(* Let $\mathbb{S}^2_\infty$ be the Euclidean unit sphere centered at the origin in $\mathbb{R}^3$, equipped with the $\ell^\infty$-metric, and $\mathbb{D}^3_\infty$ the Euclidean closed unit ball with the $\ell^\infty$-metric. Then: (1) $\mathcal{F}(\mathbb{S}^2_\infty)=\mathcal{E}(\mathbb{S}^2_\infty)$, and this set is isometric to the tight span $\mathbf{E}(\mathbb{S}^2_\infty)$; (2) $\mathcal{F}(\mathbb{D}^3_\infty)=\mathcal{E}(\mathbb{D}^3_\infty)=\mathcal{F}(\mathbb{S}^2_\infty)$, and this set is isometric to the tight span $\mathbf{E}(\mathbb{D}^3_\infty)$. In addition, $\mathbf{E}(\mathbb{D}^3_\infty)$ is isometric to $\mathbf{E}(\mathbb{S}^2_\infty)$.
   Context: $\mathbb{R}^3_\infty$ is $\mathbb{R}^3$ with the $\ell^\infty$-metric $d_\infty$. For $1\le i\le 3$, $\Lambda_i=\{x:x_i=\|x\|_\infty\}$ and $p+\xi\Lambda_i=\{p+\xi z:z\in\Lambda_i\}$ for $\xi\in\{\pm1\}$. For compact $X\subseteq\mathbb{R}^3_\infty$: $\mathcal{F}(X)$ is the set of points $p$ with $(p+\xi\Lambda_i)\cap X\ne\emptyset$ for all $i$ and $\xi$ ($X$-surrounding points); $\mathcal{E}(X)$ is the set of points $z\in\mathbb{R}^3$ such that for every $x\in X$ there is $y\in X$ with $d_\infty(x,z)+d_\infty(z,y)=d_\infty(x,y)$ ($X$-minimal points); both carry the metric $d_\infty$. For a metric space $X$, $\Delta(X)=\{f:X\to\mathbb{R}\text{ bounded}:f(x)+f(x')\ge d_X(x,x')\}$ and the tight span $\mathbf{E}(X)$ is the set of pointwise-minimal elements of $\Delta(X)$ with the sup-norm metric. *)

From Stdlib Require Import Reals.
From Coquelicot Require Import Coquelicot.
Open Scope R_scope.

* * *

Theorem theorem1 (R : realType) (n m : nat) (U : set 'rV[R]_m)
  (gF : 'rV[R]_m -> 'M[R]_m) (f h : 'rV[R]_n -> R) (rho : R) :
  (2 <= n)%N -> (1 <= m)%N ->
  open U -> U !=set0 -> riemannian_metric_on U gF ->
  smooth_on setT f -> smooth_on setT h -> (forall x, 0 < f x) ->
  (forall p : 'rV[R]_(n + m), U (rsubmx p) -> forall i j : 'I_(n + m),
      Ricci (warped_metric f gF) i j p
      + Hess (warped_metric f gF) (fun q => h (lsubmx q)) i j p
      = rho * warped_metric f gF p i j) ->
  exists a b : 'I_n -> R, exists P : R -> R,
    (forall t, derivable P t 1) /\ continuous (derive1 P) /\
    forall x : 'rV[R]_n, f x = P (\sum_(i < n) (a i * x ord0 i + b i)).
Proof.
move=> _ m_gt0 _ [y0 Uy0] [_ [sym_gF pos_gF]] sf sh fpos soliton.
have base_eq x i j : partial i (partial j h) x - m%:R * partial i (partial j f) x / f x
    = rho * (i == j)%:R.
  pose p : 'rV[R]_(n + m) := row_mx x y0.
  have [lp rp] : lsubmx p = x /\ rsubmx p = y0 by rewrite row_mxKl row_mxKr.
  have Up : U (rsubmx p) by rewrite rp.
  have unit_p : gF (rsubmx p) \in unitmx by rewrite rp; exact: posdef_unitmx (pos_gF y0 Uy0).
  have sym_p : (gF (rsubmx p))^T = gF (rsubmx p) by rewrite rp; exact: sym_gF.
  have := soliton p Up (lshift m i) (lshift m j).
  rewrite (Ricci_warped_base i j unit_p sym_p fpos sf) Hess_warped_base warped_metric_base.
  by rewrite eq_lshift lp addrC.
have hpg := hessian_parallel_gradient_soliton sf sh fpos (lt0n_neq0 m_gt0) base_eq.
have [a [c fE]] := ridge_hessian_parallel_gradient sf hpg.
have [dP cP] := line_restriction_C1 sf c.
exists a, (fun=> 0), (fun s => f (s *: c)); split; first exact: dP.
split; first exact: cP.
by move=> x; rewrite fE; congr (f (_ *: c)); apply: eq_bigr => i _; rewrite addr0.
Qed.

==

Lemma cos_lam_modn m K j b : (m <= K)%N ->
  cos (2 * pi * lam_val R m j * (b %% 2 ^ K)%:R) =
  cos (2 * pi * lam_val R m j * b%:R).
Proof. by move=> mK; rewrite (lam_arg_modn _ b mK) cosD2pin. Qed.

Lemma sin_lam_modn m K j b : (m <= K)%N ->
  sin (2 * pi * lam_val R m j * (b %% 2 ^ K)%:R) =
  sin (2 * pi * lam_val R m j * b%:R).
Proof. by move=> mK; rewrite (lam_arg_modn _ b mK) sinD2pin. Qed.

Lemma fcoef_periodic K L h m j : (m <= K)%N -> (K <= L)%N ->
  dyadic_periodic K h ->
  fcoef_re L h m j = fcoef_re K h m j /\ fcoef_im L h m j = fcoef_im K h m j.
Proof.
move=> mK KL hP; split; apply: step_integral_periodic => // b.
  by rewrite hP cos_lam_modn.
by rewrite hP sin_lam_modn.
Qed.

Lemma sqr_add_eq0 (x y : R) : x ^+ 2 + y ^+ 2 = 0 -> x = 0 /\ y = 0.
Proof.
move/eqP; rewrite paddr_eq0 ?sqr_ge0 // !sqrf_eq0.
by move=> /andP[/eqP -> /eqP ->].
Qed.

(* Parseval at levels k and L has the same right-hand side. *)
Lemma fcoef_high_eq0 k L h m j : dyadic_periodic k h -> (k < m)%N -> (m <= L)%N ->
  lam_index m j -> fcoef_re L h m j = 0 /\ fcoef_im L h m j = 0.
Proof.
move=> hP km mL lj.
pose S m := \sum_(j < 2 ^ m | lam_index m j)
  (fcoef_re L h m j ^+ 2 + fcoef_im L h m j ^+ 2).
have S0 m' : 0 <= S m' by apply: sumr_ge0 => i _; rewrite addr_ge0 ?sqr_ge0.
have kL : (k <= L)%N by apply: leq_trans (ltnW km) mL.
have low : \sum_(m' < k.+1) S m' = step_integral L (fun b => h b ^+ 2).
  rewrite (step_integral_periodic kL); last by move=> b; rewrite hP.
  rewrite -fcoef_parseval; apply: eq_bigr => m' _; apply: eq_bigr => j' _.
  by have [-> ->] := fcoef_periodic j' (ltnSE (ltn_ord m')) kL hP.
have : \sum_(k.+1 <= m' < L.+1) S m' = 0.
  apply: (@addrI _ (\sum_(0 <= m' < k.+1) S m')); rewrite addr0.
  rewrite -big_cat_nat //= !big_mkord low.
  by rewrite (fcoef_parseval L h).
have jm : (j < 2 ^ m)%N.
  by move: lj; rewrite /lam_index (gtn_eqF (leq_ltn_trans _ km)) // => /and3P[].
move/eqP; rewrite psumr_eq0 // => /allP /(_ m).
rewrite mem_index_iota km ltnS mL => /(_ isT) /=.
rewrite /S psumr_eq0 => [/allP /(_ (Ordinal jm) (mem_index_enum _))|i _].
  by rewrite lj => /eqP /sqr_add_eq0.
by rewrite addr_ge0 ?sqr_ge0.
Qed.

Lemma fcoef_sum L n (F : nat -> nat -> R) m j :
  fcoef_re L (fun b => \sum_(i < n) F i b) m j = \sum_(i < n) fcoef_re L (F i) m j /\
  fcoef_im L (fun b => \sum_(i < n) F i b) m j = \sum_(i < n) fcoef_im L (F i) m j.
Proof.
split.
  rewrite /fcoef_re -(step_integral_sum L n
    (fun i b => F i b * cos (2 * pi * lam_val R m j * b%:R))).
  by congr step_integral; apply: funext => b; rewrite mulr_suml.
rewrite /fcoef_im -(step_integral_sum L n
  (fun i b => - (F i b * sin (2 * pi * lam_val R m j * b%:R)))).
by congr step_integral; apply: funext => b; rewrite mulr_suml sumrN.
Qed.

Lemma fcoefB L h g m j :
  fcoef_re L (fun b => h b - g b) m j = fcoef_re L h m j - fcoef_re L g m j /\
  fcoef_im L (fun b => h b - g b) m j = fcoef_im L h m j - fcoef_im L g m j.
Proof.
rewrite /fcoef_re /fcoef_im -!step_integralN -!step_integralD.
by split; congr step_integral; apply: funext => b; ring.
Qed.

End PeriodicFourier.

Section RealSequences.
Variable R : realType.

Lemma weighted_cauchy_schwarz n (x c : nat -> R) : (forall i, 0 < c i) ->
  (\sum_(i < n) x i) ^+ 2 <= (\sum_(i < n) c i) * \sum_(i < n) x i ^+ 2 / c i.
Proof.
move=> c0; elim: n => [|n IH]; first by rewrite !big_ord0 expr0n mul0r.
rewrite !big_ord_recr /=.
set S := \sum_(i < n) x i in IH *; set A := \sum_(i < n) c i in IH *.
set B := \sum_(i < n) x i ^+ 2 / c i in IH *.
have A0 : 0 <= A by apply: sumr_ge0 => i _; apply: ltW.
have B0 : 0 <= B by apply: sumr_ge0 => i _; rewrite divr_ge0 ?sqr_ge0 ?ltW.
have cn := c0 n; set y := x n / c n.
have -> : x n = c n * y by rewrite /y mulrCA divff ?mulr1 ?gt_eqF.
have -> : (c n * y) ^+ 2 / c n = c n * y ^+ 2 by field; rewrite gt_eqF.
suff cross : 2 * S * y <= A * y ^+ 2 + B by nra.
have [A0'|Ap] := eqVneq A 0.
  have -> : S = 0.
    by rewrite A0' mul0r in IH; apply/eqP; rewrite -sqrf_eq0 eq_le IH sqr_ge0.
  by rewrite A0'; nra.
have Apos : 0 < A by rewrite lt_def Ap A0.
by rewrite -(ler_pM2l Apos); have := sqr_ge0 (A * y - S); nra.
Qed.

- _Work instruction_: From the entries above, extract every line where the word "first" appears.

- _Output for this task_:
exists a, (fun=> 0), (fun s => f (s *: c)); split; first exact: dP.
split; first exact: cP.
move=> c0; elim: n => [|n IH]; first by rewrite !big_ord0 expr0n mul0r.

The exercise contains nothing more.